◆ **AIM OF THE EXERCISE**: Nothing but the lines from the one with "Lemma powR_le_tangent (g" down to the one with "move=> nt; have" should be returned, exactly and with both ends included, from the material below.

◆ **RECORDED DATA**:
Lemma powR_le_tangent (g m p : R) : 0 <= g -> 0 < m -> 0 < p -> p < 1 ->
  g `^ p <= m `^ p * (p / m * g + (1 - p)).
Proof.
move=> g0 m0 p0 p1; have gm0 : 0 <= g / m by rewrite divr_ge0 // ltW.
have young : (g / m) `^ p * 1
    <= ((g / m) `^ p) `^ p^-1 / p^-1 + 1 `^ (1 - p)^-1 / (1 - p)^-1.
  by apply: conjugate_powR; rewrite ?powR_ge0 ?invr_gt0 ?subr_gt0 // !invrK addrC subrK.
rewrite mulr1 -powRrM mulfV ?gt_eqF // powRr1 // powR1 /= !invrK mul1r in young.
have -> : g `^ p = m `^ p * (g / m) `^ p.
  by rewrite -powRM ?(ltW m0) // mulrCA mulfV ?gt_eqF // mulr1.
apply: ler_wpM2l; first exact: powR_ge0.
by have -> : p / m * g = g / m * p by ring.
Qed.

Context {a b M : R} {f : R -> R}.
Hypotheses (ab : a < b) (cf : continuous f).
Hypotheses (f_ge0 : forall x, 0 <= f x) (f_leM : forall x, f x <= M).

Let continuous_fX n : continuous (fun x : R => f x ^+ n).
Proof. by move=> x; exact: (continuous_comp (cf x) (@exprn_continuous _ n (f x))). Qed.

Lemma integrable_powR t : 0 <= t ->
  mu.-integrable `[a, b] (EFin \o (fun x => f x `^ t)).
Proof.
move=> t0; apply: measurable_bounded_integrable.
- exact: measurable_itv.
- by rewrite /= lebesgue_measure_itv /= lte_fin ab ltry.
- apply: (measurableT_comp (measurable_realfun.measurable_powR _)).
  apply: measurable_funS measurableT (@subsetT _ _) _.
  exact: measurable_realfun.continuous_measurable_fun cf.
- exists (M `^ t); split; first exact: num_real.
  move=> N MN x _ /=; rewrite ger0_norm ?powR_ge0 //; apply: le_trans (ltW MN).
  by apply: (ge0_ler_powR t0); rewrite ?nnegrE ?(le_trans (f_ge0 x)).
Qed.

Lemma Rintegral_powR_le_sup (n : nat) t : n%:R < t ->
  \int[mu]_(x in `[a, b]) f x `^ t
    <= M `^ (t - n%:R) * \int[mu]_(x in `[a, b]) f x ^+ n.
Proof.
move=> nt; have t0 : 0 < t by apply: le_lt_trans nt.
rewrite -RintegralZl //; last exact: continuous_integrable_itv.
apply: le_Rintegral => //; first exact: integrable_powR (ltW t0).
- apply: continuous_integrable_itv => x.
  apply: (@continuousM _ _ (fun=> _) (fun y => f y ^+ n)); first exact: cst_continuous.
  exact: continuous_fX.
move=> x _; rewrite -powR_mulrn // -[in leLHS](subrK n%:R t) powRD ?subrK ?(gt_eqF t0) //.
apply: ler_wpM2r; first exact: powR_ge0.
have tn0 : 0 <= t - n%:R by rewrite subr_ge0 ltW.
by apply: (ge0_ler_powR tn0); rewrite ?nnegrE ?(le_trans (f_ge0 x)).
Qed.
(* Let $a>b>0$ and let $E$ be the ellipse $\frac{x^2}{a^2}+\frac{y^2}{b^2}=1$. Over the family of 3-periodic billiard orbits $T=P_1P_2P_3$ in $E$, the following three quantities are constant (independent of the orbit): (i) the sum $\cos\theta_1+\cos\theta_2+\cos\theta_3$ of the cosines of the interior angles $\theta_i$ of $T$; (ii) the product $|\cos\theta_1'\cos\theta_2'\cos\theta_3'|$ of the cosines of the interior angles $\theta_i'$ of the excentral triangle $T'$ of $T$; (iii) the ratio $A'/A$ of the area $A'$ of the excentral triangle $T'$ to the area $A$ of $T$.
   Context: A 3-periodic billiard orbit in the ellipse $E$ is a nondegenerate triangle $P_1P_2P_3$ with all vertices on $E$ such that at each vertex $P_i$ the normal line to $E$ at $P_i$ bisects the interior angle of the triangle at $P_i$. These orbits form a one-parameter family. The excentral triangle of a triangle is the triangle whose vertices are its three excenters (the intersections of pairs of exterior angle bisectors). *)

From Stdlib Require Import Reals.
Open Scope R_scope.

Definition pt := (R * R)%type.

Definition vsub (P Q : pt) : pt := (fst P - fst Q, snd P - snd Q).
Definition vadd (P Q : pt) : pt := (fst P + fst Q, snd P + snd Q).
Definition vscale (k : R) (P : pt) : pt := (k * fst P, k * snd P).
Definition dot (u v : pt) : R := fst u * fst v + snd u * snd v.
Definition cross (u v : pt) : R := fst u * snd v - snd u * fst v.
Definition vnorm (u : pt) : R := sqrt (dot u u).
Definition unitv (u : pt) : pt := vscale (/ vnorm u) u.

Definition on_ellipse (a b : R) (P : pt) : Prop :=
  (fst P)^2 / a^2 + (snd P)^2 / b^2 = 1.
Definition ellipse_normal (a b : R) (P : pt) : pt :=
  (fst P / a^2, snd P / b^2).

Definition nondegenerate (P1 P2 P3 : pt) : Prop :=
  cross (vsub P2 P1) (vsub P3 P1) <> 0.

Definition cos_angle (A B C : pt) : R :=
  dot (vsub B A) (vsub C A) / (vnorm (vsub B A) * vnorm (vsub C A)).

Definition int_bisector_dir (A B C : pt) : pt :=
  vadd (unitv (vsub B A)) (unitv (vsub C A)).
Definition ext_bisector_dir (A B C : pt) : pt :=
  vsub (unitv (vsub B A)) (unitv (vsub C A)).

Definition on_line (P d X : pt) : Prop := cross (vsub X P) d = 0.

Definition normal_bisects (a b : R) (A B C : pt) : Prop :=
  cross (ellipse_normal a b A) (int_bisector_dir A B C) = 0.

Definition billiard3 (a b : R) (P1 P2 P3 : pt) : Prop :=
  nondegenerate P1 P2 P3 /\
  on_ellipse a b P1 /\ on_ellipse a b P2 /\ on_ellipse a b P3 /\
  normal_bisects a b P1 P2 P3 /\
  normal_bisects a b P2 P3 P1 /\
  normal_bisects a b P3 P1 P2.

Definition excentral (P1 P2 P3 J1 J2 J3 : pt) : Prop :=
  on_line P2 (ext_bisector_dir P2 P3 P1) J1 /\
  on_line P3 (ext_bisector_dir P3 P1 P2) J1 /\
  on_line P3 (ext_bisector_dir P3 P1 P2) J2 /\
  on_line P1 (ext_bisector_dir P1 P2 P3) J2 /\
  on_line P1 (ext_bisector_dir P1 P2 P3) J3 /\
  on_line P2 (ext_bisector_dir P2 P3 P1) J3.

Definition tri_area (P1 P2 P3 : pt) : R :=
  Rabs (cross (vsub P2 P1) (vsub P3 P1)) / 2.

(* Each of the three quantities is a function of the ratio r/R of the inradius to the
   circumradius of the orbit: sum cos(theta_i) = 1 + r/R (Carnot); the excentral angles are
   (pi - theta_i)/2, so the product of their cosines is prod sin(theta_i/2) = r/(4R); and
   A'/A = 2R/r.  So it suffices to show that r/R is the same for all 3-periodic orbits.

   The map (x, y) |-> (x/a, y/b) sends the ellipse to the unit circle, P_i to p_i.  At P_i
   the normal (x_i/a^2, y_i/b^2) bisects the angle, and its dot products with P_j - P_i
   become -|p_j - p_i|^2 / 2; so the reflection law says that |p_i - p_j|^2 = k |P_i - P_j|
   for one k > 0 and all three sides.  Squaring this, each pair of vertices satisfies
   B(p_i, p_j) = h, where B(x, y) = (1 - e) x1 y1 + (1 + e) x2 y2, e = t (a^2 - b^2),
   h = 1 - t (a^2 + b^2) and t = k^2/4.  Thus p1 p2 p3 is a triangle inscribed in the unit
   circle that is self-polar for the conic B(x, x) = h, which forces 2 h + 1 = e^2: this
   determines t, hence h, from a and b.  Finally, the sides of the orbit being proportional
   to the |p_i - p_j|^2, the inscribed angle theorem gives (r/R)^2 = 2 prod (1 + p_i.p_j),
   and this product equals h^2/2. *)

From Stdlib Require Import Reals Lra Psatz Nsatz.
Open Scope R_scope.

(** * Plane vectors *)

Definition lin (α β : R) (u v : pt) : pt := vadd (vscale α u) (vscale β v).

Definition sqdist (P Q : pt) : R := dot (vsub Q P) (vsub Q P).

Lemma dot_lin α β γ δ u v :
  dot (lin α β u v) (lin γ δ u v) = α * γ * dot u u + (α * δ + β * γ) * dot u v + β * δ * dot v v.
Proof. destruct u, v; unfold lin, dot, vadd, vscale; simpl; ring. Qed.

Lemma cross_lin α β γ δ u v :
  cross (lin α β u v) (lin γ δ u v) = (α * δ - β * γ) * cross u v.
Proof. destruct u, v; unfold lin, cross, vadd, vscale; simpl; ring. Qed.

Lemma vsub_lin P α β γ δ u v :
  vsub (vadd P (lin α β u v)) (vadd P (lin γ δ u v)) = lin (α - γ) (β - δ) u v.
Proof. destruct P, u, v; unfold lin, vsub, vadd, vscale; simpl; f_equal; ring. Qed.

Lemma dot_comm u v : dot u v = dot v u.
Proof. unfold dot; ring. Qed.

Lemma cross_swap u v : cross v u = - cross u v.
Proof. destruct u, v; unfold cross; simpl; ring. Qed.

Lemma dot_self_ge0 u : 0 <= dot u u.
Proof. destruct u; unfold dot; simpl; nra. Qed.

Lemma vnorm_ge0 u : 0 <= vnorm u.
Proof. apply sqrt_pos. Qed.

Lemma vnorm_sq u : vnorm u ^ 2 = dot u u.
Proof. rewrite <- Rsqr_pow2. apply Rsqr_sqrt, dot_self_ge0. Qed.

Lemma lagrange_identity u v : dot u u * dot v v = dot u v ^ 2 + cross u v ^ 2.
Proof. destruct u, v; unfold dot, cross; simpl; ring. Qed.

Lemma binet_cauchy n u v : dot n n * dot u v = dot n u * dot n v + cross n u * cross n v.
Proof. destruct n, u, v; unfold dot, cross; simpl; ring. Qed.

--

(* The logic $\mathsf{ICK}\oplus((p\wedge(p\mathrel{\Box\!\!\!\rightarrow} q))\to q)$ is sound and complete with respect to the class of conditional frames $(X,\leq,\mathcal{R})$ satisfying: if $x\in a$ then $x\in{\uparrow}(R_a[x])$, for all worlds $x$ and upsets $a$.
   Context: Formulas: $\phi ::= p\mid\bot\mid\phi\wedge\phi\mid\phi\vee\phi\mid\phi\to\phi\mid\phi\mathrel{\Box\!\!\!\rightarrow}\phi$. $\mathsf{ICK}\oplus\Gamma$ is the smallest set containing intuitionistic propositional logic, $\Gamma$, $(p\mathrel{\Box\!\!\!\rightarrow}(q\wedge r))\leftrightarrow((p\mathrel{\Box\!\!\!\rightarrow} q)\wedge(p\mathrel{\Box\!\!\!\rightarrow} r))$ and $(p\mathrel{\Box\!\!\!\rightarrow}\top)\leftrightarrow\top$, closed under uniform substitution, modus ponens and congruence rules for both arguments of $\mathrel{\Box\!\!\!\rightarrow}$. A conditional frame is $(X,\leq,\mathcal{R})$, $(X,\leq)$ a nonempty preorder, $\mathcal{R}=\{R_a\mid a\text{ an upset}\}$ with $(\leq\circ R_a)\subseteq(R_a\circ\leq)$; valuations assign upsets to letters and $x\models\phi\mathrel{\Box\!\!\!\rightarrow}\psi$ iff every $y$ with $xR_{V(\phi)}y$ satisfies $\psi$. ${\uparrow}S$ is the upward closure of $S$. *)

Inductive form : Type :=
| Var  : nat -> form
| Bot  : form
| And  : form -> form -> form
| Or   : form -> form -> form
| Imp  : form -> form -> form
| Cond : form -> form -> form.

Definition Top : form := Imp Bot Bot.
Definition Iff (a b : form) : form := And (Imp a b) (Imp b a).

◆ **ANSWER TO THE EXERCISE**:
Lemma powR_le_tangent (g m p : R) : 0 <= g -> 0 < m -> 0 < p -> p < 1 ->
  g `^ p <= m `^ p * (p / m * g + (1 - p)).
Proof.
move=> g0 m0 p0 p1; have gm0 : 0 <= g / m by rewrite divr_ge0 // ltW.
have young : (g / m) `^ p * 1
    <= ((g / m) `^ p) `^ p^-1 / p^-1 + 1 `^ (1 - p)^-1 / (1 - p)^-1.
  by apply: conjugate_powR; rewrite ?powR_ge0 ?invr_gt0 ?subr_gt0 // !invrK addrC subrK.
rewrite mulr1 -powRrM mulfV ?gt_eqF // powRr1 // powR1 /= !invrK mul1r in young.
have -> : g `^ p = m `^ p * (g / m) `^ p.
  by rewrite -powRM ?(ltW m0) // mulrCA mulfV ?gt_eqF // mulr1.
apply: ler_wpM2l; first exact: powR_ge0.
by have -> : p / m * g = g / m * p by ring.
Qed.

Context {a b M : R} {f : R -> R}.
Hypotheses (ab : a < b) (cf : continuous f).
Hypotheses (f_ge0 : forall x, 0 <= f x) (f_leM : forall x, f x <= M).

Let continuous_fX n : continuous (fun x : R => f x ^+ n).
Proof. by move=> x; exact: (continuous_comp (cf x) (@exprn_continuous _ n (f x))). Qed.

Lemma integrable_powR t : 0 <= t ->
  mu.-integrable `[a, b] (EFin \o (fun x => f x `^ t)).
Proof.
move=> t0; apply: measurable_bounded_integrable.
- exact: measurable_itv.
- by rewrite /= lebesgue_measure_itv /= lte_fin ab ltry.
- apply: (measurableT_comp (measurable_realfun.measurable_powR _)).
  apply: measurable_funS measurableT (@subsetT _ _) _.
  exact: measurable_realfun.continuous_measurable_fun cf.
- exists (M `^ t); split; first exact: num_real.
  move=> N MN x _ /=; rewrite ger0_norm ?powR_ge0 //; apply: le_trans (ltW MN).
  by apply: (ge0_ler_powR t0); rewrite ?nnegrE ?(le_trans (f_ge0 x)).
Qed.

Lemma Rintegral_powR_le_sup (n : nat) t : n%:R < t ->
  \int[mu]_(x in `[a, b]) f x `^ t
    <= M `^ (t - n%:R) * \int[mu]_(x in `[a, b]) f x ^+ n.
Proof.
move=> nt; have t0 : 0 < t by apply: le_lt_trans nt.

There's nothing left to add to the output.